• Directions for this task
Please reproduce the full set of data below exactly.

Collection entries
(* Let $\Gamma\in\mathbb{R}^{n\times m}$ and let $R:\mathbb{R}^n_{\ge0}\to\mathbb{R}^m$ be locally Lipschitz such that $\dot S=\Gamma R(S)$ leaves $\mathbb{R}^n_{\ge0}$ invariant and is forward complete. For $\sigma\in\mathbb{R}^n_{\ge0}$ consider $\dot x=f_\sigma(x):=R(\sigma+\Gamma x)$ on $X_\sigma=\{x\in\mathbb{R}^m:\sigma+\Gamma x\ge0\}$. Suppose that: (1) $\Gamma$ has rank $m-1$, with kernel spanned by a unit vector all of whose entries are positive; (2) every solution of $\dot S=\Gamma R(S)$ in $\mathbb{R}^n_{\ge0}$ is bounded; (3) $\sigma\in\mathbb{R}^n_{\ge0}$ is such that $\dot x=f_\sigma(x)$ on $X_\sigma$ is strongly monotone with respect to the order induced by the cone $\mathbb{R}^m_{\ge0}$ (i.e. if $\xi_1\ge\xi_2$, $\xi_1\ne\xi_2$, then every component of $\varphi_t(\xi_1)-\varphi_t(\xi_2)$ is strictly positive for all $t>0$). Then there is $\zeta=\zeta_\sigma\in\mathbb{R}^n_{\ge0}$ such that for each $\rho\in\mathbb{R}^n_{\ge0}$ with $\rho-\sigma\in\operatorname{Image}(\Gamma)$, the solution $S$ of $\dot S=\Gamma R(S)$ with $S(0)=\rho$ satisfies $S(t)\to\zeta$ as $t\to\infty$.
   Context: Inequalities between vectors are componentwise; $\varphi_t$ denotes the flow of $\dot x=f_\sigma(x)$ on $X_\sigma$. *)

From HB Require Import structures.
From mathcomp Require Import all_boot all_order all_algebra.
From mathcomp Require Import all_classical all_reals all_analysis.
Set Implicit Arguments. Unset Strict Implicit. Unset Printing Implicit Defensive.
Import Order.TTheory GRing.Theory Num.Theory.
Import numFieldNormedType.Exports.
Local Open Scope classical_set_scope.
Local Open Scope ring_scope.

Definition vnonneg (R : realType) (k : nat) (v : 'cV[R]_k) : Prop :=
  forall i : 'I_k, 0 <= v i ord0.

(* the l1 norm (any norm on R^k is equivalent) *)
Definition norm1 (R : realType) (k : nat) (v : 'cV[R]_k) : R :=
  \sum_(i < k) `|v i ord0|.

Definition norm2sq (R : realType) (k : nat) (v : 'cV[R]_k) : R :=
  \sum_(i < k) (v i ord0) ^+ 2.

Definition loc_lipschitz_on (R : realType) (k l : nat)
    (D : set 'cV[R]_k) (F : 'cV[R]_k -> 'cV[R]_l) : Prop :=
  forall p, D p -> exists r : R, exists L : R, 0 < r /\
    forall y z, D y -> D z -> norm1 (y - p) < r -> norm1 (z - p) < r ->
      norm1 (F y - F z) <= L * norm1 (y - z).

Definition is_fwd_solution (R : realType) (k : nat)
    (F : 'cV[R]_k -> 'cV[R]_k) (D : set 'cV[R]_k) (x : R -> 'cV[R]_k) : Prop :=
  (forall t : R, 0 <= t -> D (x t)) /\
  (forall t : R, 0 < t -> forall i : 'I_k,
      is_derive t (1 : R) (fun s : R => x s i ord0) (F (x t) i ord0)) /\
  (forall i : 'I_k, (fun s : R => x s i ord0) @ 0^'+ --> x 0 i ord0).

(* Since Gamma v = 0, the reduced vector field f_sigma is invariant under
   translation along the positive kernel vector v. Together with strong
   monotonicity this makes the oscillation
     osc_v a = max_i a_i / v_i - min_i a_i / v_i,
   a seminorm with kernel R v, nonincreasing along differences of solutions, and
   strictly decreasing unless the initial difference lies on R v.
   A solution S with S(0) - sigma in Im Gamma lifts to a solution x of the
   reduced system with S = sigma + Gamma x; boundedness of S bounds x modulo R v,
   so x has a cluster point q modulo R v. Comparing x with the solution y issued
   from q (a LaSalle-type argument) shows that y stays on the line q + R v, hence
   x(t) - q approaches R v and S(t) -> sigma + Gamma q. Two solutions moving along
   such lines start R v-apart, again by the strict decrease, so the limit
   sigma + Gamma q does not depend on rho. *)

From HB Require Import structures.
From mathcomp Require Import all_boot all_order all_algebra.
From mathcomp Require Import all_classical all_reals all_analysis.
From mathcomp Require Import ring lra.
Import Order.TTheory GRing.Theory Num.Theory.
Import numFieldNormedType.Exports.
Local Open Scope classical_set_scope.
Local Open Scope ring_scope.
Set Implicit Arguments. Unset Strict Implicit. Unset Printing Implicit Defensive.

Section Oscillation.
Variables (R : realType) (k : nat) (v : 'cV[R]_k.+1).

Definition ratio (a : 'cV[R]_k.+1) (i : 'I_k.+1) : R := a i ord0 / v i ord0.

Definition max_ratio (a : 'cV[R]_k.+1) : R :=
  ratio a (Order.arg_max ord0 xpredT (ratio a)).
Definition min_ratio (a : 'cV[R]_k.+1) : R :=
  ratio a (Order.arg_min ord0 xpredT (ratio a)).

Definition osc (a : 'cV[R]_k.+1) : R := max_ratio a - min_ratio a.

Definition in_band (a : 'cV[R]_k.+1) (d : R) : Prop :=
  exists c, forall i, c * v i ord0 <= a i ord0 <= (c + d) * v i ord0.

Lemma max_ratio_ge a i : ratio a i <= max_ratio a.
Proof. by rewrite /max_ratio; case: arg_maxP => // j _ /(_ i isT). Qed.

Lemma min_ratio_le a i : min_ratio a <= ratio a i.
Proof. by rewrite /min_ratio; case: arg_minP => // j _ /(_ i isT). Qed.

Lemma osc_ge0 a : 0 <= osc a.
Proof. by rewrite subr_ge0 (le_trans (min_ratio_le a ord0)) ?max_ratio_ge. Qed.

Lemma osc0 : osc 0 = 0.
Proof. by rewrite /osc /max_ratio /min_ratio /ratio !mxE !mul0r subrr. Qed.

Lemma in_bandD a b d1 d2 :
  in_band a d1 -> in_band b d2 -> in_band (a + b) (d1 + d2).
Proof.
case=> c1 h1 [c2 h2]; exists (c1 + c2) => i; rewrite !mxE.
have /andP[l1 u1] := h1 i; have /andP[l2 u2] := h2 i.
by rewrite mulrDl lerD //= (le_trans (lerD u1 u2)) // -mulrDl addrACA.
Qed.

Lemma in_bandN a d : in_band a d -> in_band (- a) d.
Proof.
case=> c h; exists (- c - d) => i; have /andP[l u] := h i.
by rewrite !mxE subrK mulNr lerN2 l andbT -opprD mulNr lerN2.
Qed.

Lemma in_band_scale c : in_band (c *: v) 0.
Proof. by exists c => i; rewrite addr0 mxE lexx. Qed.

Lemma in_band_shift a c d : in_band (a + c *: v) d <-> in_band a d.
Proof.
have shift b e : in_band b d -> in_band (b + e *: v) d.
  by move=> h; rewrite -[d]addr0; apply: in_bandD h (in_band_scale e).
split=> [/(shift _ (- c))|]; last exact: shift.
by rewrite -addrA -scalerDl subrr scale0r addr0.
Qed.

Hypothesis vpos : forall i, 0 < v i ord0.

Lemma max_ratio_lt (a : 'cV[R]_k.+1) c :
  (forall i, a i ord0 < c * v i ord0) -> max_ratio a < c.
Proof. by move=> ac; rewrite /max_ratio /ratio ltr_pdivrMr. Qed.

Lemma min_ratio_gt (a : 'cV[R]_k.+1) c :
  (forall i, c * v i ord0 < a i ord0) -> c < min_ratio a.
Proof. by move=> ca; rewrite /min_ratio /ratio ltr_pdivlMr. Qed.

• Exercise answer
(* Let $\Gamma\in\mathbb{R}^{n\times m}$ and let $R:\mathbb{R}^n_{\ge0}\to\mathbb{R}^m$ be locally Lipschitz such that $\dot S=\Gamma R(S)$ leaves $\mathbb{R}^n_{\ge0}$ invariant and is forward complete. For $\sigma\in\mathbb{R}^n_{\ge0}$ consider $\dot x=f_\sigma(x):=R(\sigma+\Gamma x)$ on $X_\sigma=\{x\in\mathbb{R}^m:\sigma+\Gamma x\ge0\}$. Suppose that: (1) $\Gamma$ has rank $m-1$, with kernel spanned by a unit vector all of whose entries are positive; (2) every solution of $\dot S=\Gamma R(S)$ in $\mathbb{R}^n_{\ge0}$ is bounded; (3) $\sigma\in\mathbb{R}^n_{\ge0}$ is such that $\dot x=f_\sigma(x)$ on $X_\sigma$ is strongly monotone with respect to the order induced by the cone $\mathbb{R}^m_{\ge0}$ (i.e. if $\xi_1\ge\xi_2$, $\xi_1\ne\xi_2$, then every component of $\varphi_t(\xi_1)-\varphi_t(\xi_2)$ is strictly positive for all $t>0$). Then there is $\zeta=\zeta_\sigma\in\mathbb{R}^n_{\ge0}$ such that for each $\rho\in\mathbb{R}^n_{\ge0}$ with $\rho-\sigma\in\operatorname{Image}(\Gamma)$, the solution $S$ of $\dot S=\Gamma R(S)$ with $S(0)=\rho$ satisfies $S(t)\to\zeta$ as $t\to\infty$.
   Context: Inequalities between vectors are componentwise; $\varphi_t$ denotes the flow of $\dot x=f_\sigma(x)$ on $X_\sigma$. *)

From HB Require Import structures.
From mathcomp Require Import all_boot all_order all_algebra.
From mathcomp Require Import all_classical all_reals all_analysis.
Set Implicit Arguments. Unset Strict Implicit. Unset Printing Implicit Defensive.
Import Order.TTheory GRing.Theory Num.Theory.
Import numFieldNormedType.Exports.
Local Open Scope classical_set_scope.
Local Open Scope ring_scope.

Definition vnonneg (R : realType) (k : nat) (v : 'cV[R]_k) : Prop :=
  forall i : 'I_k, 0 <= v i ord0.

(* the l1 norm (any norm on R^k is equivalent) *)
Definition norm1 (R : realType) (k : nat) (v : 'cV[R]_k) : R :=
  \sum_(i < k) `|v i ord0|.

Definition norm2sq (R : realType) (k : nat) (v : 'cV[R]_k) : R :=
  \sum_(i < k) (v i ord0) ^+ 2.

Definition loc_lipschitz_on (R : realType) (k l : nat)
    (D : set 'cV[R]_k) (F : 'cV[R]_k -> 'cV[R]_l) : Prop :=
  forall p, D p -> exists r : R, exists L : R, 0 < r /\
    forall y z, D y -> D z -> norm1 (y - p) < r -> norm1 (z - p) < r ->
      norm1 (F y - F z) <= L * norm1 (y - z).

Definition is_fwd_solution (R : realType) (k : nat)
    (F : 'cV[R]_k -> 'cV[R]_k) (D : set 'cV[R]_k) (x : R -> 'cV[R]_k) : Prop :=
  (forall t : R, 0 <= t -> D (x t)) /\
  (forall t : R, 0 < t -> forall i : 'I_k,
      is_derive t (1 : R) (fun s : R => x s i ord0) (F (x t) i ord0)) /\
  (forall i : 'I_k, (fun s : R => x s i ord0) @ 0^'+ --> x 0 i ord0).

(* Since Gamma v = 0, the reduced vector field f_sigma is invariant under
   translation along the positive kernel vector v. Together with strong
   monotonicity this makes the oscillation
     osc_v a = max_i a_i / v_i - min_i a_i / v_i,
   a seminorm with kernel R v, nonincreasing along differences of solutions, and
   strictly decreasing unless the initial difference lies on R v.
   A solution S with S(0) - sigma in Im Gamma lifts to a solution x of the
   reduced system with S = sigma + Gamma x; boundedness of S bounds x modulo R v,
   so x has a cluster point q modulo R v. Comparing x with the solution y issued
   from q (a LaSalle-type argument) shows that y stays on the line q + R v, hence
   x(t) - q approaches R v and S(t) -> sigma + Gamma q. Two solutions moving along
   such lines start R v-apart, again by the strict decrease, so the limit
   sigma + Gamma q does not depend on rho. *)

From HB Require Import structures.
From mathcomp Require Import all_boot all_order all_algebra.
From mathcomp Require Import all_classical all_reals all_analysis.
From mathcomp Require Import ring lra.
Import Order.TTheory GRing.Theory Num.Theory.
Import numFieldNormedType.Exports.
Local Open Scope classical_set_scope.
Local Open Scope ring_scope.
Set Implicit Arguments. Unset Strict Implicit. Unset Printing Implicit Defensive.

Section Oscillation.
Variables (R : realType) (k : nat) (v : 'cV[R]_k.+1).

Definition ratio (a : 'cV[R]_k.+1) (i : 'I_k.+1) : R := a i ord0 / v i ord0.

Definition max_ratio (a : 'cV[R]_k.+1) : R :=
  ratio a (Order.arg_max ord0 xpredT (ratio a)).
Definition min_ratio (a : 'cV[R]_k.+1) : R :=
  ratio a (Order.arg_min ord0 xpredT (ratio a)).

Definition osc (a : 'cV[R]_k.+1) : R := max_ratio a - min_ratio a.

Definition in_band (a : 'cV[R]_k.+1) (d : R) : Prop :=
  exists c, forall i, c * v i ord0 <= a i ord0 <= (c + d) * v i ord0.

Lemma max_ratio_ge a i : ratio a i <= max_ratio a.
Proof. by rewrite /max_ratio; case: arg_maxP => // j _ /(_ i isT). Qed.

Lemma min_ratio_le a i : min_ratio a <= ratio a i.
Proof. by rewrite /min_ratio; case: arg_minP => // j _ /(_ i isT). Qed.

Lemma osc_ge0 a : 0 <= osc a.
Proof. by rewrite subr_ge0 (le_trans (min_ratio_le a ord0)) ?max_ratio_ge. Qed.

Lemma osc0 : osc 0 = 0.
Proof. by rewrite /osc /max_ratio /min_ratio /ratio !mxE !mul0r subrr. Qed.

Lemma in_bandD a b d1 d2 :
  in_band a d1 -> in_band b d2 -> in_band (a + b) (d1 + d2).
Proof.
case=> c1 h1 [c2 h2]; exists (c1 + c2) => i; rewrite !mxE.
have /andP[l1 u1] := h1 i; have /andP[l2 u2] := h2 i.
by rewrite mulrDl lerD //= (le_trans (lerD u1 u2)) // -mulrDl addrACA.
Qed.

Lemma in_bandN a d : in_band a d -> in_band (- a) d.
Proof.
case=> c h; exists (- c - d) => i; have /andP[l u] := h i.
by rewrite !mxE subrK mulNr lerN2 l andbT -opprD mulNr lerN2.
Qed.

Lemma in_band_scale c : in_band (c *: v) 0.
Proof. by exists c => i; rewrite addr0 mxE lexx. Qed.

Lemma in_band_shift a c d : in_band (a + c *: v) d <-> in_band a d.
Proof.
have shift b e : in_band b d -> in_band (b + e *: v) d.
  by move=> h; rewrite -[d]addr0; apply: in_bandD h (in_band_scale e).
split=> [/(shift _ (- c))|]; last exact: shift.
by rewrite -addrA -scalerDl subrr scale0r addr0.
Qed.

Hypothesis vpos : forall i, 0 < v i ord0.

Lemma max_ratio_lt (a : 'cV[R]_k.+1) c :
  (forall i, a i ord0 < c * v i ord0) -> max_ratio a < c.
Proof. by move=> ac; rewrite /max_ratio /ratio ltr_pdivrMr. Qed.

Lemma min_ratio_gt (a : 'cV[R]_k.+1) c :
  (forall i, c * v i ord0 < a i ord0) -> c < min_ratio a.
Proof. by move=> ca; rewrite /min_ratio /ratio ltr_pdivlMr. Qed.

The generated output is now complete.